Organic cotton is a lot better for the environment than conventional cotton. However, there are reasons why it’s sometimes not possible for farmers to farm their land organically, such as neighbouring conventional cotton farmed land, or if a farmer can’t afford to leave the land untouched for 3 years before producing their crops (part of the organic regulations). The issue with the growth of demand of BCI cotton is that if it’s an easier option and the demand is there, organic farmers could adapt to the BCI way of farming over organic, which is a lot worse for the environment.

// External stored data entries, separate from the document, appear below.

(* Let $\mathcal{A}$ be an alternating parity automaton and let $\mathcal{B}_{\mathcal{A}}$ be constructed from $\mathcal{A}$ as described in the context. If $\mathcal{B}_{\mathcal{A}}$ is GFG, then $\mathcal{A}$ is $\exists$-GFG.
   Context: An alternating parity automaton $\mathcal{A}=(\Sigma,Q,\iota,\delta,\alpha)$ has finite alphabet $\Sigma$, states $Q$, initial state $\iota$, transition function $\delta\colon Q\times\Sigma\to\mathcal{B}^+(Q)$ (positive Boolean formulas over atoms in $Q$), and priorities $\alpha\colon Q\times\Sigma\times Q\to\Gamma\subseteq\mathbb{N}$ on transitions; a sequence of transitions is accepting iff the maximal priority seen infinitely often is even. The model-checking game on $w=a_0a_1\dots$: from $\iota$, in round $i$ from $q_i$ the players descend $\delta(q_i,a_i)$, Eve choosing at disjunctions, Adam at conjunctions, to an atom $q_{i+1}$; Eve wins iff the transition sequence is accepting; $w\in L(\mathcal{A})$ iff Eve wins. Eve's letter game: each round Adam picks a letter and the players descend the transition condition of the current state over it; Eve wins iff the generated word is not in $L(\mathcal{A})$ or the generated path is accepting; $\mathcal{A}$ is $\exists$-GFG iff Eve wins this game. Boxes: for a letter $a$, a local strategy $\sigma$ chooses for each state $q$ and each subformula $\psi_1\vee\psi_2$ of $\delta(q,a)$ one disjunct; the box $\beta(\mathcal{A},a,\sigma)$ is the set of $(q,a,q')$ such that atom $q'$ is reachable from $\delta(q,a)$ following $\sigma$ at disjunctions and either conjunct at conjunctions; $\mathrm{Boxes}_{\mathcal{A},a}$ is the set of these boxes, $\mathrm{Boxes}_{\mathcal{A}}=\bigcup_a\mathrm{Boxes}_{\mathcal{A},a}$. A word $\beta_0\beta_1\dots$ over $\mathrm{Boxes}_{\mathcal{A}}$ is universally accepting if every transition sequence $(q_i,a_i,q_{i+1})$ with $q_0=\iota$ and $(q_i,a_i,q_{i+1})\in\beta_i$ is accepting. Construction: let $\mathcal{B}$ be a deterministic parity automaton over alphabet $\mathrm{Boxes}_{\mathcal{A}}$ recognising exactly the universally accepting words. $\mathcal{B}_{\mathcal{A}}$ is the nondeterministic automaton over $\Sigma$ with the states, initial state and acceptance condition of $\mathcal{B}$ that, on reading a letter $a$ in state $p$, nondeterministically guesses a box $\beta\in\mathrm{Boxes}_{\mathcal{A},a}$ and moves to $\delta_{\mathcal{B}}(p,\beta)$; runs of $\mathcal{B}_{\mathcal{A}}$ on $w=w_0w_1\dots$ correspond to sequences of boxes $\beta_i\in\mathrm{Boxes}_{\mathcal{A},w_i}$, and such a run is accepting iff $\mathcal{B}$ accepts $\beta_0\beta_1\dots$. $\mathcal{B}_{\mathcal{A}}$ is GFG iff Eve wins the game in which, each round, Adam picks a letter $a$ and Eve picks a box in $\mathrm{Boxes}_{\mathcal{A},a}$, Eve winning iff the generated word is not in $L(\mathcal{B}_{\mathcal{A}})$ or the generated run is accepting. *)

From mathcomp Require Export all_boot.
Set Implicit Arguments. Unset Strict Implicit. Unset Printing Implicit Defensive.

Inductive pbf (Q : Type) : Type :=
| PAtom of Q
| PAnd of pbf Q & pbf Q
| POr of pbf Q & pbf Q.

Record APA (Sigma Q : finType) := {
  a_init : Q;
  a_delta : Q -> Sigma -> pbf Q;
  a_prio : Q -> Sigma -> Q -> nat }.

BSCI is a step before SA8000, and it is not an earned certification. BSCI is a system provided to help companies gradually improve working conditions in their supply chain. Once companies meet all BSCI requirements, they are then encouraged to move on to the SA8000 social management certification. The BSCI system works off of a code of conduct following 11 principles that support the members. The system offers a step-by-step approach to help companies monitor, engage, and receive support to improve their sustainability and ethics. They provide auditing tools, an auditing integrity programme, a dashboard that helps businesses see their complex supply chains clearer in order to identify and compare data, track and measure targeted improvements. They also offer training, workshops and e-learning to help their business partners to drive improvements. The headquarters are in Brussels, but they also have local networks.

Climate Neutral Britain

Carbon Neutral Britain is a company that aids individuals and businesses in offsetting their carbon footprint. By paying into the scheme on a monthly prescription.  Carbon Neutral Britain works with their certified partners on carbon offsetting projects. These projects are verified by the VCS (Verified Carbon Standard), VER (Gold Standard Voluntary Emission Reductions), EU and UK ETC (Uk and EU Emissions Trading Standard), and the CER (United Nations Certified Emission Reductions) programmes. 

How does Carbon Neutral Britain measure a business’s carbon footprint?

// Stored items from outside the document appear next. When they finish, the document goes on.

(* Coefficients of the Newton expansion of [binom(t1 t2, n)] in [t2]:
   specialising [t1 := m] gives the forward differences of [binom(m X, n)]. *)
Lemma numerical_newton_coef n b :
  numerical ((iter b (@fdiff _) (map_poly polyC (binom_poly n) \Po ('X%:P * 'X))).[0]).
Proof.
apply/numericalP; exists 0%N => m _.
rewrite -[_.[m%:R]]/(horner_eval m%:R _) -(horner_map (horner_eval (m%:R : rat))) rmorph0.
rewrite map_iter_fdiff map_comp_poly.
rewrite -map_poly_comp map_poly_id => [|c _]; last by rewrite /= horner_evalE hornerC.
have -> : map_poly (horner_eval (m%:R : rat)) ('X%:P * 'X) = (m%:R)%:P * 'X.
  by rewrite rmorphM /= map_polyC map_polyX /= horner_evalE hornerX.
suff /(int_valued_iter_fdiff b) : int_valued (binom_poly n \Po ((m%:R)%:P * 'X)).
  by move/(_ 0%N).
by move=> y; rewrite horner_comp hornerM hornerC hornerX -natrM binom_poly_nat rpred_nat.
Qed.

Lemma inHH_binom_poly_t1t2 n : inHH ((map_poly ratK2 (binom_poly n)).[t1 * t2]).
Proof.
rewrite horner_t1t2; set G := _ \Po _.
rewrite (newton_expansion polyC (leqnn (size G))) rmorph_sum; apply: inHH_sum => b.
rewrite (rmorphM (@tofrac _)) /binom_polyR.
apply: inHH_tensor (numerical_newton_coef n b) _.
exact/numerical_binom_spanP/binom_span_binom.
Qed.

Lemma inHH_horner_t1t2 q : binom_span q -> inHH ((map_poly ratK2 q).[t1 * t2]).
Proof.
elim=> [b|p {}q _ hp _ hq]; first exact: inHH_binom_poly_t1t2.
suff -> : (map_poly ratK2 (p - q)).[t1 * t2]
          = (map_poly ratK2 p).[t1 * t2] - (map_poly ratK2 q).[t1 * t2] by apply: inHHB.
by rewrite raddfB hornerD hornerN.
Qed.

Lemma coproduct_inHH x : inH x -> forall p k, x = lev T p k -> inHH (Delta_rep p k).
Proof.
move=> [q [j [nq ->]]] p k Ex; have t1t2_neq0 := mulf_neq0 t1_neq0 t2_neq0.
rewrite /Delta_rep (levE ratK2) (leval_transfer _ (mulfV t1t2_neq0) (esym Ex)) /leval.
exact/inHH_mulVX/inHH_horner_t1t2/numerical_binom_spanP.
Qed.

(** * H is the free binomial ring on a unit *)

Section FreeBinomialRing.
Variables (A : comAlgType rat) (R : A -> Prop) (r s : A).
Hypotheses (R_binomial : binomial_subring R) (Rr : R r) (Rs : R s) (rsK : r * s = 1).

Lemma horner_binom_poly_alg b : (map_poly (in_alg A) (binom_poly b)).[r] = binomA r b.
Proof. by rewrite horner_binom_poly /= mulr_algl. Qed.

The organisation's environmental consultants calculate the business’s carbon footprint, following the ISO 14064 Standard and the GHG Emissions Protocol Accounting Standard. Their team then produces a Carbon Emissions Report for the business outlining their carbon footprint. This is measured in tonnes of carbon dioxide equivalent (tCO²e).

Low Carbon Footprint

We have awarded this badge to the brands manufacturing in the country they are based out of. A brand that we’ve given a low carbon footprint badge to is doing as much as they can to keep the distance their fabrics and products have travelled to a minimum. We do have to consider the fact that as we are stocking and selling the products in the UK, and so they have travelled to us to sell, but we wanted a badge that rewarded those supporting local manufacturers or manufacturing themselves in order to keep their supply chain’s carbon footprint down.

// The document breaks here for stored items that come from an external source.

(* Let $Q\in\mathbb{S}^n$ with $Q_i>0$ for all $i$, and let $\widehat{P}\in\mathbb{S}^n$. Suppose the indices can be labeled so that $\frac{\widehat{P}_\ell}{Q_\ell}<\frac{\widehat{P}_k}{Q_k}\le\frac{\widehat{P}_i}{Q_i}$ for all $i\neq\ell$ (i.e. $\ell$ is the unique index minimizing $\widehat{P}_i/Q_i$ and $k$ attains the second smallest ratio). Then for every $\alpha\in[0,1)$ with $$1-\widehat{P}_\ell-\frac{\widehat{P}_k}{Q_k}(1-Q_\ell)\ \le\ \alpha\ \le\ \kappa(\widehat{P}\,\|\,Q),$$ the vector $$P^*_i=\begin{cases}\dfrac{Q_i\left(1-\frac{\widehat{P}_\ell}{1-\alpha}\right)}{1-Q_\ell}, & i\neq\ell,\\[2mm] \dfrac{\widehat{P}_\ell}{1-\alpha}, & i=\ell,\end{cases}$$ is the unique solution of the optimization problem $$\min_{P\in\mathbb{S}^n}\ \sum_iP_i\log\frac{P_i}{Q_i}\quad\text{subject to}\quad P_i\le\frac{\widehat{P}_i}{1-\alpha},\ i=1,\dots,n.$$
   Context: $\mathbb{S}^n=\{P\in\mathbb{R}^n:\sum_iP_i=1,\ P_i\ge0\}$. The separation distance is $\kappa(\widehat{P}\|Q)=\max_{i}\left(1-\frac{\widehat{P}_i}{Q_i}\right)$, which here equals $1-\widehat{P}_\ell/Q_\ell$. *)

From HB Require Import structures.
From mathcomp Require Import all_boot all_order all_algebra.
From mathcomp Require Import all_classical all_reals all_analysis.
Set Implicit Arguments. Unset Strict Implicit. Unset Printing Implicit Defensive.
Import Order.TTheory GRing.Theory Num.Theory.
Local Open Scope ring_scope.

Definition simplex {R : realType} (n : nat) (P : 'I_n -> R) : Prop :=
  (forall i, 0 <= P i) /\ \sum_(i < n) P i = 1.

(* KL divergence sum_i P_i log (P_i/Q_i); with 0 * ln _ = 0 this realises 0 log 0 = 0 *)
Definition KL {R : realType} (n : nat) (P Q : 'I_n -> R) : R :=
  \sum_(i < n) P i * ln (P i / Q i).

(* separation distance kappa(P||Q) = max_i (1 - P_i/Q_i).  The neutral element 0
   is harmless for P, Q in the simplex (the max is then >= 0). *)
Definition kappa {R : realType} (n : nat) (P Q : 'I_n -> R) : R :=
  \big[Num.max/0]_(i < n) (1 - P i / Q i).

Definition feasible {R : realType} (n : nat) (Phat : 'I_n -> R) (alpha : R)
  (P : 'I_n -> R) : Prop :=
  simplex P /\ forall i, P i <= Phat i / (1 - alpha).

Definition unique_minimizer {R : realType} (n : nat) (Phat Q : 'I_n -> R)
  (alpha : R) (Pstar : 'I_n -> R) : Prop :=
  feasible Phat alpha Pstar /\
  forall P, feasible Phat alpha P -> P <> Pstar -> KL Pstar Q < KL P Q.

(* The objective KL(. || Q) is strictly convex, so a feasible point at which its
   directional derivative sum_i (ln (P*_i / Q_i) + 1) (P_i - P*_i) towards every
   feasible P is nonnegative is the unique minimiser.  For P* = "mass c at l,
   the rest distributed proportionally to Q" this derivative equals
   (ln (c / Q_l) - ln ((1 - c) / (1 - Q_l))) (P_l - c), which is nonnegative as soon
   as c <= Q_l and P_l <= c.  The hypotheses on alpha say exactly that
   c = Phat_l / (1 - alpha) <= Q_l (upper bound, via kappa) and that P* respects the
   constraints at the indices i <> l (lower bound, via the second smallest ratio). *)

From HB Require Import structures.
From mathcomp Require Import all_boot all_order all_algebra.
From mathcomp Require Import all_classical all_reals all_analysis.
From mathcomp Require Import ring lra.
Set Implicit Arguments. Unset Strict Implicit. Unset Printing Implicit Defensive.
Import Order.TTheory GRing.Theory Num.Theory.
Local Open Scope ring_scope.

Lemma ln_lt_subr1 (R : realType) (x : R) : 0 < x -> x != 1 -> ln x < x - 1.
Proof.
move=> x0 x1; rewrite ltrBrDl -[X in _ < X](lnK (x:=x)) ?posrE //.
by apply: expR_gt1Dx; rewrite ln_eq0.
Qed.

Lemma mul_ln_div_lt (R : realType) (p r : R) :
  0 < p -> 0 < r -> p != r -> p * ln (r / p) < r - p.
Proof.
move=> p0 r0 pr.
have rp1 : r / p != 1.
  by apply: contra pr => /eqP rp; rewrite -(divfK (x:=p) _ r) ?rp ?mul1r // gt_eqF.
have := ln_lt_subr1 (divr_gt0 r0 p0) rp1.
rewrite -(ltr_pM2l p0) => /lt_le_trans; apply.
by rewrite mulrBr mulrCA divff ?gt_eqF // !mulr1.
Qed.

Section XlnxTangent.
Variables (R : realType) (q : R).
Hypothesis q_gt0 : 0 < q.

Lemma xlnx_tangent_lt (p r : R) : 0 <= p -> 0 < r -> p != r ->
  (ln (r / q) + 1) * (p - r) < p * ln (p / q) - r * ln (r / q).
Proof.
move=> p0 r0 pr; have [->|pn0] := eqVneq p 0; first by rewrite !mul0r; lra.
have p_gt0 : 0 < p by rewrite lt_def pn0.
have := mul_ln_div_lt p_gt0 r0 pr.
rewrite !ln_div ?posrE //; lra.
Qed.

(* Since ln 0 = 0, the tangent at r = 0 is meaningless unless p = 0 too. *)
Lemma xlnx_tangent_le (p r : R) : 0 <= p -> 0 <= r -> (r = 0 -> p = 0) ->
  (ln (r / q) + 1) * (p - r) <= p * ln (p / q) - r * ln (r / q).
Proof.
move=> p0 r0 rp; have [r_eq0|rn0] := eqVneq r 0.
  by rewrite (rp r_eq0) r_eq0 subrr mulr0 mul0r subrr.
have [->|pr] := eqVneq p r; first by rewrite !subrr mulr0.
by apply/ltW/xlnx_tangent_lt; rewrite // lt_def rn0.
Qed.

End XlnxTangent.

Lemma KL_lt_of_first_order (R : realType) (n : nat) (Q P Ps : 'I_n -> R) :
  (forall i, 0 < Q i) -> (forall i, 0 <= P i) -> (forall i, 0 <= Ps i) ->
  (forall i, Ps i = 0 -> P i = 0) ->
  0 <= \sum_(i < n) (ln (Ps i / Q i) + 1) * (P i - Ps i) ->
  P <> Ps -> KL Ps Q < KL P Q.
Proof.
move=> Qpos P0 Ps0 Ps_supp deriv_ge0 PnPs.
have [j Pj] : exists j, P j != Ps j.
  apply/existsP; apply: contra_notT PnPs => /existsPn PeqPs.
  by apply/funext => i; apply/eqP; rewrite -[_ == _]negbK PeqPs.
have Psj_gt0 : 0 < Ps j.
  by rewrite lt_def Ps0 andbT; apply: contraNN Pj => /eqP Psj0; rewrite Psj0 Ps_supp.
rewrite /KL -subr_gt0 -sumrB; apply: le_lt_trans deriv_ge0 _.
rewrite (bigD1 j) //= [X in _ < X](bigD1 j) //=.
apply: ltr_leD (xlnx_tangent_lt (Qpos j) (P0 j) Psj_gt0 Pj) _.
by apply: ler_sum => i _; have := xlnx_tangent_le (Qpos i) (P0 i) (Ps0 i) (@Ps_supp i).
Qed.

Lemma simplex_sum_neq (R : realType) (n : nat) (P : 'I_n -> R) (l : 'I_n) :
  simplex P -> \sum_(i < n | i != l) P i = 1 - P l.
Proof. by case=> _; rewrite (bigD1 l) //= => <-; rewrite addrC addrK. Qed.

Lemma simplex_lt1 (R : realType) (n : nat) (Q : 'I_n -> R) (l k : 'I_n) :
  simplex Q -> (forall i, 0 < Q i) -> k != l -> Q l < 1.
Proof.
move=> Qs Qpos kl; rewrite -subr_gt0 -(simplex_sum_neq l Qs).
rewrite (bigD1 k) //= ltr_pwDl //.
by apply: sumr_ge0 => i _; apply: ltW.
Qed.

Lemma min_ratio_le1 (R : realType) (n : nat) (P Q : 'I_n -> R) (r : R) :
  simplex P -> simplex Q -> (forall i, 0 < Q i) -> (forall i, r <= P i / Q i) ->
  r <= 1.
Proof.
move=> [_ P1] [_ Q1] Qpos rP.
rewrite -[r]mulr1 -{1}Q1 -P1 mulr_sumr; apply: ler_sum => i _.
by rewrite -ler_pdivlMr // mulrC.
Qed.

Lemma kappa_le (R : realType) (n : nat) (P Q : 'I_n -> R) (r : R) :
  r <= 1 -> (forall i, r <= P i / Q i) -> kappa P Q <= 1 - r.
Proof.
move=> r1 rP; apply: (big_ind (fun x => x <= 1 - r)) => [|x y|i _].
- by rewrite subr_ge0.
- by move=> ? ?; rewrite ge_max; apply/andP.
- by rewrite lerD2l lerN2.
Qed.

Definition pinned (R : realType) (n : nat) (Q : 'I_n -> R) (l : 'I_n) (c : R) :
  'I_n -> R :=
  fun i => if i == l then c else Q i * (1 - c) / (1 - Q l).

Section Pinned.
Variables (R : realType) (n : nat) (Q : 'I_n -> R) (l : 'I_n) (c : R).
Hypotheses (Qs : simplex Q) (Qpos : forall i, 0 < Q i) (Ql_lt1 : Q l < 1).
Hypotheses (c_ge0 : 0 <= c) (c_le_Ql : c <= Q l).

Let Ps := pinned Q l c.

Lemma pinned_gt0 i : i != l -> 0 < Ps i.
Proof.
move=> il; rewrite /Ps /pinned (negbTE il) divr_gt0 ?mulr_gt0 ?subr_gt0 //.
exact: le_lt_trans c_le_Ql Ql_lt1.
Qed.

Lemma pinned_ge0 i : 0 <= Ps i.
Proof.
by have [->|il] := eqVneq i l; [rewrite /Ps /pinned eqxx | apply/ltW/pinned_gt0].
Qed.

Lemma pinned_simplex : simplex Ps.
Proof.
split; first exact: pinned_ge0.
rewrite (bigD1 l) //= {1}/Ps /pinned eqxx.
rewrite (eq_bigr (fun i => Q i * ((1 - c) / (1 - Q l)))); last first.
  by move=> i il; rewrite /Ps /pinned (negbTE il) mulrA.
rewrite -mulr_suml (simplex_sum_neq l Qs) mulrC divfK ?subr_eq0 ?gt_eqF //.
by rewrite addrC subrK.
Qed.

Lemma pinned_first_order (P : 'I_n -> R) : simplex P -> P l <= c ->
  0 <= \sum_(i < n) (ln (Ps i / Q i) + 1) * (P i - Ps i).
Proof.
move=> Psimp Plc.
set A := ln ((1 - c) / (1 - Q l)); set B := ln (c / Q l).
rewrite (bigD1 l) //= {1 2}/Ps /pinned eqxx -/B.
rewrite (eq_bigr (fun i => (A + 1) * (P i - Ps i))); last first.
  move=> i il; congr ((ln _ + 1) * _).
  by rewrite /Ps /pinned (negbTE il) mulrC !mulrA mulVf ?gt_eqF // mul1r.
rewrite -mulr_sumr sumrB (simplex_sum_neq l Psimp).
rewrite (simplex_sum_neq l pinned_simplex) /Ps /pinned eqxx.
have B_le0 : B <= 0 by apply: ln_le0; rewrite ler_pdivrMr // mul1r.
have A_ge0 : 0 <= A.
  by apply: ln_ge0; rewrite ler_pdivlMr ?mul1r ?subr_gt0 // lerD2l lerN2.
have -> : (B + 1) * (P l - c) + (A + 1) * (1 - P l - (1 - c)) = (B - A) * (P l - c)
  by ring.
by apply: mulr_le0; lra.
Qed.

Lemma pinned_KL_lt (P : 'I_n -> R) : simplex P -> P l <= c -> P <> Ps ->
  KL Ps Q < KL P Q.
Proof.
move=> Psimp Plc; apply: KL_lt_of_first_order => //.
- by case: Psimp.
- exact: pinned_ge0.
- move=> i; have [->|il] := eqVneq i l.
    rewrite /Ps /pinned eqxx => c0; apply/le_anti/andP; split; first by rewrite -c0.
    by case: Psimp.
  by move=> Psi0; move: (pinned_gt0 il); rewrite -/Ps Psi0 ltxx.
- exact: pinned_first_order.
Qed.

End Pinned.

Lemma pinned_le_bound (R : realType) (n : nat) (Q Phat : 'I_n -> R) (l k : 'I_n)
  (alpha : R) i :
  0 < Q i -> Q l < 1 -> alpha < 1 ->
  Phat k / Q k <= Phat i / Q i ->
  1 - Phat l - Phat k / Q k * (1 - Q l) <= alpha ->
  Q i * (1 - Phat l / (1 - alpha)) / (1 - Q l) <= Phat i / (1 - alpha).
Proof.
move=> Qi_gt0 Ql1 a1 hki hlow.
have a_gt0 : 0 < 1 - alpha by rewrite subr_gt0.
have Ql_gt0 : 0 < 1 - Q l by rewrite subr_gt0.
set w := Q i / ((1 - alpha) * (1 - Q l)).
have -> : Q i * (1 - Phat l / (1 - alpha)) / (1 - Q l) = w * (1 - alpha - Phat l).
  by rewrite /w; field; rewrite !gt_eqF.
have -> : Phat i / (1 - alpha) = w * (Phat i / Q i * (1 - Q l)).
  by rewrite /w; field; rewrite !gt_eqF.
apply: ler_wpM2l; first by rewrite ltW // divr_gt0 ?mulr_gt0.
by have := ler_wpM2r (ltW Ql_gt0) hki; lra.
Qed.

Theorem theorem5 (R : realType) (n : nat) (Q Phat : 'I_n -> R) (l k : 'I_n)
  (alpha : R) :
  simplex Q -> (forall i, 0 < Q i) -> simplex Phat ->
  Phat l / Q l < Phat k / Q k ->
  (forall i, i != l -> Phat k / Q k <= Phat i / Q i) ->
  0 <= alpha -> alpha < 1 ->
  1 - Phat l - Phat k / Q k * (1 - Q l) <= alpha ->
  alpha <= kappa Phat Q ->
  unique_minimizer Phat Q alpha
    (fun i => if i == l then Phat l / (1 - alpha)
              else Q i * (1 - Phat l / (1 - alpha)) / (1 - Q l)).
Proof.
move=> Qs Qpos Phats hlk hk a0 a1 hlow hup.
have a_gt0 : 0 < 1 - alpha by rewrite subr_gt0.
have kl : k != l by apply: contraTneq hlk => ->; rewrite ltxx.
have ratio_min i : Phat l / Q l <= Phat i / Q i.
  by have [->|il] := eqVneq i l; [exact: lexx | exact: le_trans (ltW hlk) (hk i il)].
have Ql_lt1 : Q l < 1 := simplex_lt1 Qs Qpos kl.
have c_ge0 : 0 <= Phat l / (1 - alpha) := divr_ge0 (proj1 Phats l) (ltW a_gt0).
have c_le_Ql : Phat l / (1 - alpha) <= Q l.
  rewrite ler_pdivrMr // mulrC -ler_pdivrMr ?Qpos //.
  have := le_trans hup (kappa_le (min_ratio_le1 Phats Qs Qpos ratio_min) ratio_min).
  lra.
split; first split.
- exact: pinned_simplex.
- move=> i; have [->|il] := eqVneq i l; first exact: lexx.
  exact: (pinned_le_bound (Qpos i) Ql_lt1 a1 (hk i il) hlow).
- by move=> P [Psimp Pb]; apply: pinned_KL_lt; rewrite ?Pb.
Qed.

Three separate organisations got together back in 1999 to improve labour conditions within the garment industry, which has now become the Fair Wear team. Fair Wear works for a fairer and more ethical fashion industry. The team helps member brands create practical plans to improve working conditions. Brands are expected to show improvement every year. They work with brands through performance checks, factory audits, complaints helplines and factory training sessions. The Fair Wear standards are: Employment is freely chosen, freedom of association and the right to collective bargaining, no discrimination in employment, no exploitation of child labour, payment of living wage, reasonable hours of work, safe and healthy working conditions, legally binding employment relationship.

What countries of manufacture does Fair Wear work with? 

Currently Bangladesh, Bulgaria, India, Indonesia, Myanmar, North Macedonia, Romania, Tunisia, Turkey, Vietnam.